In a mandatory accounting State, some proceeding that must be filed so the the Court knows the Estate has been properly completed.  This generally involves filing forms and paying a filing fee. There are generally time constraints. I’m not going into more detail because New York (where I practice) is NOT a mandatory accounting State.

In a non-mandatory accounting State, the fiduciary is not required to file anything with the Court to show that the Estate is completed.  This raises two logical questions:

  1. What should fiduciaries do to properly complete an Estate and protect themselves?
  2. What happens (in a non-mandatory State like New York) if there is some issue or problem in completing the Estate?

What a fiduciary SHOULD do is keep good records, communicate regularly and transparently  with the beneficiaries, file any tax returns that are required, and then….SEEK TO COMPLETE THE ESTATE WITH AN INFORMAL ACCOUNTING.

This is done by showing the beneficiaries what has been done.  This can be done with a letter, or on a spreadsheet, or in any way that shows a bottom line for a proposed final distribution.  With this informal accounting we send a document called a “Receipt & Release. This essentially says “I know what you did as Fiduciary and I agree it was correct and I agree with the bottom line and I release any claims I may have about this”. The letter to the beneficiary makes clear that when the Receipt and Release is signed “then you will get your money”.

What if the beneficiaries don’t agree? Or don’t respond?

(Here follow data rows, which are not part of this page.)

(* Let $T$ be a left-linear term rewriting system and let $\mathcal{A}$ be a reduction sequence of $T$ whose length is a countable ordinal. Then there exists a stepwise-or-normal proof term $\psi$ that denotes $\mathcal{A}$.
   Context: Setting. $T=(\Sigma,R)$: $\Sigma$ finite; each rule $\mu:l\to r$ has $l$ finite, non-variable, linear, variables of $r$ among those of $l$; terms are finite or infinite trees; $d(t,u)=0$ if $t=u$, else $2^{-k}$ with $k$ the least depth at which they differ. Reduction steps and sequences. A reduction step is $a=\langle t,p,\mu,\sigma\rangle$ with $t|_p=\sigma l$ for $\mu:l\to r$; $src(a)=t$, $tgt(a)=t[\sigma r]_p$, depth $|p|$. A reduction sequence is either the empty sequence $id_t$ (source $t$, length $0$) or a sequence $\langle a_\alpha\rangle_{\alpha<\beta}$, $\beta>0$, of steps such that $src(a_{\alpha+1})=tgt(a_\alpha)$ whenever $\alpha+1<\beta$, and for each limit $\beta_0<\beta$: $tgt(a_\alpha)$ converges as $\alpha\to\beta_0$, its limit is $src(a_{\beta_0})$, and for every $n$ there is $\beta'<\beta_0$ with depth of $a_\alpha$ $>n$ for $\beta'<\alpha<\beta_0$. Its length is $\beta$ and its source $src(a_0)$. Proof terms. $\Sigma^R$ extends $\Sigma$ by a symbol $\mu$ of arity $n$ per rule ($n$ distinct variables in $l$). A one-step is a closed term over $\Sigma^R$ with exactly one rule-symbol occurrence, at position $p$, say $\mu(t_1,..,t_n)$; its source replaces it by $l[t_1,..,t_n]$, its target by $r[t_1,..,t_n]$. Stepwise proof terms are one-steps, $\psi_1\cdot\psi_2$ with $tgt(\psi_1)=src(\psi_2)$, and infinite concatenations $\prod_{i<\omega}\psi_i=\psi_0\cdot(\psi_1\cdot\cdots)$ with $tgt(\psi_i)=src(\psi_{i+1})$ of stepwise proof terms (targets of infinite concatenations are $\lim_i tgt(\psi_i)$ when defined; sources are those of the first factor). Stepwise-or-normal: stepwise or a rule-free term of $\mathrm{Ter}^\infty(\Sigma)$ (whose source is itself). Number of steps $|\psi|$: $0$, $1$, $|\psi_1|+|\psi_2|$, $\sup_n(|\psi_0|+\dots+|\psi_n|)$ respectively; $\alpha$-th component $\psi[\alpha]$ for $\alpha<|\psi|$: $\psi[0]=\psi$ for one-steps, $(\psi_1\cdot\psi_2)[\alpha]=\psi_1[\alpha]$ if $\alpha<|\psi_1|$ else $\psi_2[\beta]$ with $|\psi_1|+\beta=\alpha$, $(\prod\psi_i)[\alpha]=\psi_k[\gamma]$ for the unique $k,\gamma$ with $\alpha=|\psi_0|+\dots+|\psi_{k-1}|+\gamma$, $\gamma<|\psi_k|$. Denotation. A one-step $\psi$ denotes a step $a=\langle t,p,\mu,\sigma\rangle$ iff $src(\psi)=t$, $tgt(\psi)=tgt(a)$, and the symbol of $\psi$ at $p$ is $\mu$. A stepwise-or-normal $\psi$ denotes a reduction sequence $\mathcal{A}$ iff $|\psi|$ equals the length of $\mathcal{A}$, $src(\psi)=src(\mathcal{A})$, and $\psi[\alpha]$ denotes the $\alpha$-th step of $\mathcal{A}$ for every $\alpha$ less than the length. *)

From mathcomp Require Import all_boot.
Set Implicit Arguments.
Unset Strict Implicit.
Unset Printing Implicit Defensive.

While New York is not a mandatory accounting State, the Surrogate’s Courts have an Accounting Department, where you CAN file a formal Accounting Proceeding.  Unfortunately, this happens a lot.  The Accounting Department is where the action is, and where most of the really acrimonious disputes are filed.

In a nutshell, when a Fiduciary wants approval for what they have done, or what they are proposing to do to complete the Estate, a petition for a formal accounting is filed with the Court. The Court will then issue a Citation to the interested parties, telling them essentially “The Fiduciary has filed the attached accounting and is asking the Court to approve it. Come to Court on (date) or a Decree will be issued approving the Accounting.”

If a beneficiary gets such a Citation and wants to dispute something, they file Objections to the Accounting. This then becomes a case, like any other civil litigation….discovery, motions, conferences, etc.

Generally an expensive, nasty mess.

Which is why it’s better to do a good job as fiduciary and find a way to account informally.

If you know this from the outset, and work transparently and with good communication, an informal accounting is much more likely.